-- Supplied data follows --

(* Both bid functions start at [vl] and the weight lies in (0,1], so the gap
   vanishes at [vl+]. *)
Lemma weighted_gap_small_near_vl x eps : vl < x -> 0 < eps ->
  exists u, vl < u < x /\ Rabs (gap u) < eps.
Proof.
  intros Hx He.
  destruct (proj1 (limit1_in_iff _ _ _ _) (equilibrium_bid_cont EQ1 vl ltac:(lra)) (eps / 2)
    ltac:(lra)) as [a1 [Ha1 Hc1]].
  destruct (proj1 (limit1_in_iff _ _ _ _) (equilibrium_bid_cont EQ2 vl ltac:(lra)) (eps / 2)
    ltac:(lra)) as [a2 [Ha2 Hc2]].
  pose proof (Rmin_l (Rmin a1 a2) (Rmin (x - vl) (vh - vl))).
  pose proof (Rmin_r (Rmin a1 a2) (Rmin (x - vl) (vh - vl))).
  pose proof (Rmin_l a1 a2). pose proof (Rmin_r a1 a2).
  pose proof (Rmin_l (x - vl) (vh - vl)). pose proof (Rmin_r (x - vl) (vh - vl)).
  set (d := Rmin (Rmin a1 a2) (Rmin (x - vl) (vh - vl))) in *.
  assert (Hd : 0 < d) by (unfold d; repeat apply Rmin_pos; lra).
  set (u := vl + d / 2).
  assert (Hu : Rabs (u - vl) < d) by (rewrite Rabs_right; unfold u; lra).
  specialize (Hc1 u ltac:(unfold u; lra) ltac:(lra)).
  specialize (Hc2 u ltac:(unfold u; lra) ltac:(lra)).
  rewrite (equilibrium_bid_vl MS Hn1 EQ1) in Hc1. rewrite (equilibrium_bid_vl MS Hn2 EQ2) in Hc2.
  exists u; split; [unfold u; lra |].
  assert (Hw : 0 < Rpower (D (F0 u)) a <= 1).
  { split; [apply exp_pos |].
    assert (Hdu : 0 < D (F0 u) <= 1)
      by (apply (ambiguity_D_in01 HD), (value_cdf_in01 HF); unfold u; lra).
    assert (Ha : 0 < a) by (apply Rdiv_lt_0_compat; [apply lt_0_INR; lia | lra]).
    apply Rle_trans with (Rpower 1 a); [apply Rle_Rpower_l; lra |].
    unfold Rpower; rewrite ln_1, Rmult_0_r, exp_0; lra. }
  unfold gap; rewrite Rabs_mult, (Rabs_right (Rpower _ _)) by lra.
  assert (Rabs (beta2 u - beta1 u) < eps).
  { replace (beta2 u - beta1 u) with ((beta2 u - vl) - (beta1 u - vl)) by ring.
    eapply Rle_lt_trans; [apply Rabs_triang | rewrite Rabs_Ropp; lra]. }
  pose proof (Rabs_pos (beta2 u - beta1 u)). nra.
Qed.

Lemma equilibrium_bid_lt_more_bidders v : vl < v < vh -> beta1 v < beta2 v.
Proof.
  intros Hv. set (m := (vl + v) / 2).
  assert (Hm : 0 <= gap m).
  { apply Rnot_lt_le; intros Hneg.
    destruct (weighted_gap_small_near_vl m (- gap m) ltac:(unfold m; lra) ltac:(lra))
      as [u [Hu Hgu]].
    pose proof (weighted_gap_incr u m ltac:(lra) ltac:(lra) ltac:(unfold m; lra)).
    apply Rabs_def2 in Hgu. lra. }
  pose proof (weighted_gap_incr m v ltac:(unfold m; lra) ltac:(unfold m; lra) ltac:(lra)).
  assert (0 < Rpower (D (F0 v)) a) by apply exp_pos.
  unfold gap in *. nra.
Qed.

End BidOrder.

Section BidDistribution.
Context {vl vh : R} {F0 D : R -> R} {th : R} {n : nat} {beta G : R -> R}.
Hypothesis MS : model_structure vl vh F0 D th.
Hypothesis EQ : sym_equilibrium n vl vh F0 D th beta.
Hypothesis BC : bid_cdf vl vh F0 beta G.

Let HF : value_cdf vl vh F0 := proj1 MS.
Let Hvl : vl < vh := proj1 HF.

Lemma bid_cdf_at_bid u : vl <= u <= vh -> G (beta u) = F0 u.
Proof.
  intros Hu. apply (proj2 BC); [auto | lra |].
  intros w Hw; apply (equilibrium_bid_incr EQ); lra.
Qed.

Lemma bid_cdf_ge z b : vl <= z <= vh -> beta z <= b -> F0 z <= G b.
Proof.
  intros Hz Hb. destruct (Rle_dec (beta vh) b) as [Hh | Hh].
  - rewrite (proj2 BC b vh) by (lra || (intros; lra)).
    destruct (Req_dec z vh) as [-> | Hne]; [lra |].
    left; apply (value_cdf_lt HF); lra.
  - destruct (cont_on_IVT vl vh beta z vh b (equilibrium_bid_cont EQ)) as [u [Hu <-]]; try lra.
    rewrite bid_cdf_at_bid by lra.
    destruct (Req_dec z u) as [-> | Hne]; [lra |].
    left; apply (value_cdf_lt HF); lra.
Qed.

Lemma bid_cdf_lt z b : vl < z <= vh -> b < beta z -> G b < F0 z.
Proof.
  intros Hz Hb. destruct (Rlt_dec b (beta vl)) as [Hl | Hl].
  - rewrite (proj1 BC) by auto. apply (value_cdf_in01 HF); auto.
  - destruct (cont_on_IVT vl vh beta vl z b (equilibrium_bid_cont EQ)) as [u [Hu <-]]; try lra.
    rewrite bid_cdf_at_bid by lra.
    destruct (Req_dec z u) as [-> | Hne]; [lra |].
    apply (value_cdf_lt HF); lra.
Qed.

End BidDistribution.

Lemma same_bid_cdf_bid_at_quantile vl vh F0 D th vl' vh' F0' D' th' n beta beta' G y z :
  model_structure vl vh F0 D th -> model_structure vl' vh' F0' D' th' ->
  sym_equilibrium n vl vh F0 D th beta -> sym_equilibrium n vl' vh' F0' D' th' beta' ->
  bid_cdf vl vh F0 beta G -> bid_cdf vl' vh' F0' beta' G ->
  vl < y <= vh -> vl' < z <= vh' -> F0 y = F0' z -> beta y = beta' z.
Proof.
  intros M M' E E' B B' Hy Hz Hq.
  destruct (Rtotal_order (beta y) (beta' z)) as [H | [H | H]]; auto; exfalso;
    set (b := (beta y + beta' z) / 2).
  - pose proof (bid_cdf_ge M E B y b ltac:(lra) ltac:(unfold b; lra)).
    pose proof (bid_cdf_lt M' E' B' z b Hz ltac:(unfold b; lra)). lra.
  - pose proof (bid_cdf_ge M' E' B' z b ltac:(lra) ltac:(unfold b; lra)).
    pose proof (bid_cdf_lt M E B y b Hy ltac:(unfold b; lra)). lra.
Qed.

Lemma same_bid_cdf_bid_slope_at_quantile vl vh F0 D th vl' vh' F0' D' th' n beta beta' G
    b f0 b' f0' v w :
  model_structure vl vh F0 D th -> model_structure vl' vh' F0' D' th' ->
  sym_equilibrium n vl vh F0 D th beta -> sym_equilibrium n vl' vh' F0' D' th' beta' ->
  bid_cdf vl vh F0 beta G -> bid_cdf vl' vh' F0' beta' G ->
  deriv_on vl vh beta b -> deriv_on vl vh F0 f0 ->
  deriv_on vl' vh' beta' b' -> deriv_on vl' vh' F0' f0' ->
  vl < v < vh -> vl' < w < vh' -> f0 v <> 0 -> f0' w <> 0 -> F0 v = F0' w ->
  b v / f0 v = b' w / f0' w.
Proof.
  intros M M' E E' B B' Db Df Db' Df' Hv Hw Hf Hf' Hq.
  apply cond_eq; intros eps He.
  destruct (proj1 (limit1_in_iff _ _ _ _) (increment_ratio_limit _ _ _ _ _
    (deriv_on_derivable_pt_lim _ _ _ _ _ Db Hv) (deriv_on_derivable_pt_lim _ _ _ _ _ Df Hv) Hf)
    (eps / 2) ltac:(lra)) as [d1 [Hd1 R1]].
  destruct (proj1 (limit1_in_iff _ _ _ _) (increment_ratio_limit _ _ _ _ _
    (deriv_on_derivable_pt_lim _ _ _ _ _ Db' Hw) (deriv_on_derivable_pt_lim _ _ _ _ _ Df' Hw) Hf')
    (eps / 2) ltac:(lra)) as [d2 [Hd2 R2]].
  destruct (value_cdf_local_preimage (proj1 M') w d2 Hw Hd2) as [e [He' Hpre]].
  destruct (proj1 (limit1_in_iff _ _ _ _) (value_cdf_cont (proj1 M) v ltac:(lra)) e He')
    as [d3 [Hd3 C3]].
  pose proof (Rmin_l (Rmin d1 d3) (vh - v)). pose proof (Rmin_r (Rmin d1 d3) (vh - v)).
  pose proof (Rmin_l d1 d3). pose proof (Rmin_r d1 d3).
  set (y := v + Rmin (Rmin d1 d3) (vh - v) / 2).
  assert (Hr : 0 < Rmin (Rmin d1 d3) (vh - v)) by (repeat apply Rmin_pos; lra).
  assert (Hy : v < y < vh) by (unfold y; lra).
  assert (Hyv : Rabs (y - v) < Rmin (Rmin d1 d3) (vh - v)) by (rewrite Rabs_right; unfold y; lra).
  specialize (C3 y ltac:(lra) ltac:(lra)). rewrite Hq in C3.
  destruct (Hpre _ C3) as [z [Hz [Hzw Hzq]]].
  assert (Hzw' : z <> w).
  { intros ->. rewrite <- Hq in Hzq.
    pose proof (value_cdf_lt (proj1 M) v y ltac:(lra) ltac:(lra) ltac:(lra)). lra. }
  specialize (R1 y ltac:(lra) ltac:(lra)). specialize (R2 z Hzw' Hzw).
  rewrite (same_bid_cdf_bid_at_quantile _ _ _ _ _ _ _ _ _ _ _ _ _ _ y z M M' E E' B B')
    in R1 by (auto; lra).
  rewrite (same_bid_cdf_bid_at_quantile _ _ _ _ _ _ _ _ _ _ _ _ _ _ v w M M' E E' B B')
    in R1 by (auto; lra).
  rewrite <- Hzq, Hq in R1.
  replace (b v / f0 v - b' w / f0' w)
    with (- (((beta' z - beta' w) / (F0' z - F0' w)) - b v / f0 v)
          + (((beta' z - beta' w) / (F0' z - F0' w)) - b' w / f0' w)) by ring.
  eapply Rle_lt_trans; [apply Rabs_triang |]. rewrite Rabs_Ropp. lra.
Qed.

-- Supplied data concluded --

**Task**. Beginning at the line that contains "(deriv_on_derivable_pt_lim _ _ _ _ _ Db Hv)" and ending at the last line above, copy each line without any change.

**Expected answer**.
    (deriv_on_derivable_pt_lim _ _ _ _ _ Db Hv) (deriv_on_derivable_pt_lim _ _ _ _ _ Df Hv) Hf)
    (eps / 2) ltac:(lra)) as [d1 [Hd1 R1]].
  destruct (proj1 (limit1_in_iff _ _ _ _) (increment_ratio_limit _ _ _ _ _
    (deriv_on_derivable_pt_lim _ _ _ _ _ Db' Hw) (deriv_on_derivable_pt_lim _ _ _ _ _ Df' Hw) Hf')
    (eps / 2) ltac:(lra)) as [d2 [Hd2 R2]].
  destruct (value_cdf_local_preimage (proj1 M') w d2 Hw Hd2) as [e [He' Hpre]].
  destruct (proj1 (limit1_in_iff _ _ _ _) (value_cdf_cont (proj1 M) v ltac:(lra)) e He')
    as [d3 [Hd3 C3]].
  pose proof (Rmin_l (Rmin d1 d3) (vh - v)). pose proof (Rmin_r (Rmin d1 d3) (vh - v)).
  pose proof (Rmin_l d1 d3). pose proof (Rmin_r d1 d3).
  set (y := v + Rmin (Rmin d1 d3) (vh - v) / 2).
  assert (Hr : 0 < Rmin (Rmin d1 d3) (vh - v)) by (repeat apply Rmin_pos; lra).
  assert (Hy : v < y < vh) by (unfold y; lra).
  assert (Hyv : Rabs (y - v) < Rmin (Rmin d1 d3) (vh - v)) by (rewrite Rabs_right; unfold y; lra).
  specialize (C3 y ltac:(lra) ltac:(lra)). rewrite Hq in C3.
  destruct (Hpre _ C3) as [z [Hz [Hzw Hzq]]].
  assert (Hzw' : z <> w).
  { intros ->. rewrite <- Hq in Hzq.
    pose proof (value_cdf_lt (proj1 M) v y ltac:(lra) ltac:(lra) ltac:(lra)). lra. }
  specialize (R1 y ltac:(lra) ltac:(lra)). specialize (R2 z Hzw' Hzw).
  rewrite (same_bid_cdf_bid_at_quantile _ _ _ _ _ _ _ _ _ _ _ _ _ _ y z M M' E E' B B')
    in R1 by (auto; lra).
  rewrite (same_bid_cdf_bid_at_quantile _ _ _ _ _ _ _ _ _ _ _ _ _ _ v w M M' E E' B B')
    in R1 by (auto; lra).
  rewrite <- Hzq, Hq in R1.
  replace (b v / f0 v - b' w / f0' w)
    with (- (((beta' z - beta' w) / (F0' z - F0' w)) - b v / f0 v)
          + (((beta' z - beta' w) / (F0' z - F0' w)) - b' w / f0' w)) by ring.
  eapply Rle_lt_trans; [apply Rabs_triang |]. rewrite Rabs_Ropp. lra.
Qed.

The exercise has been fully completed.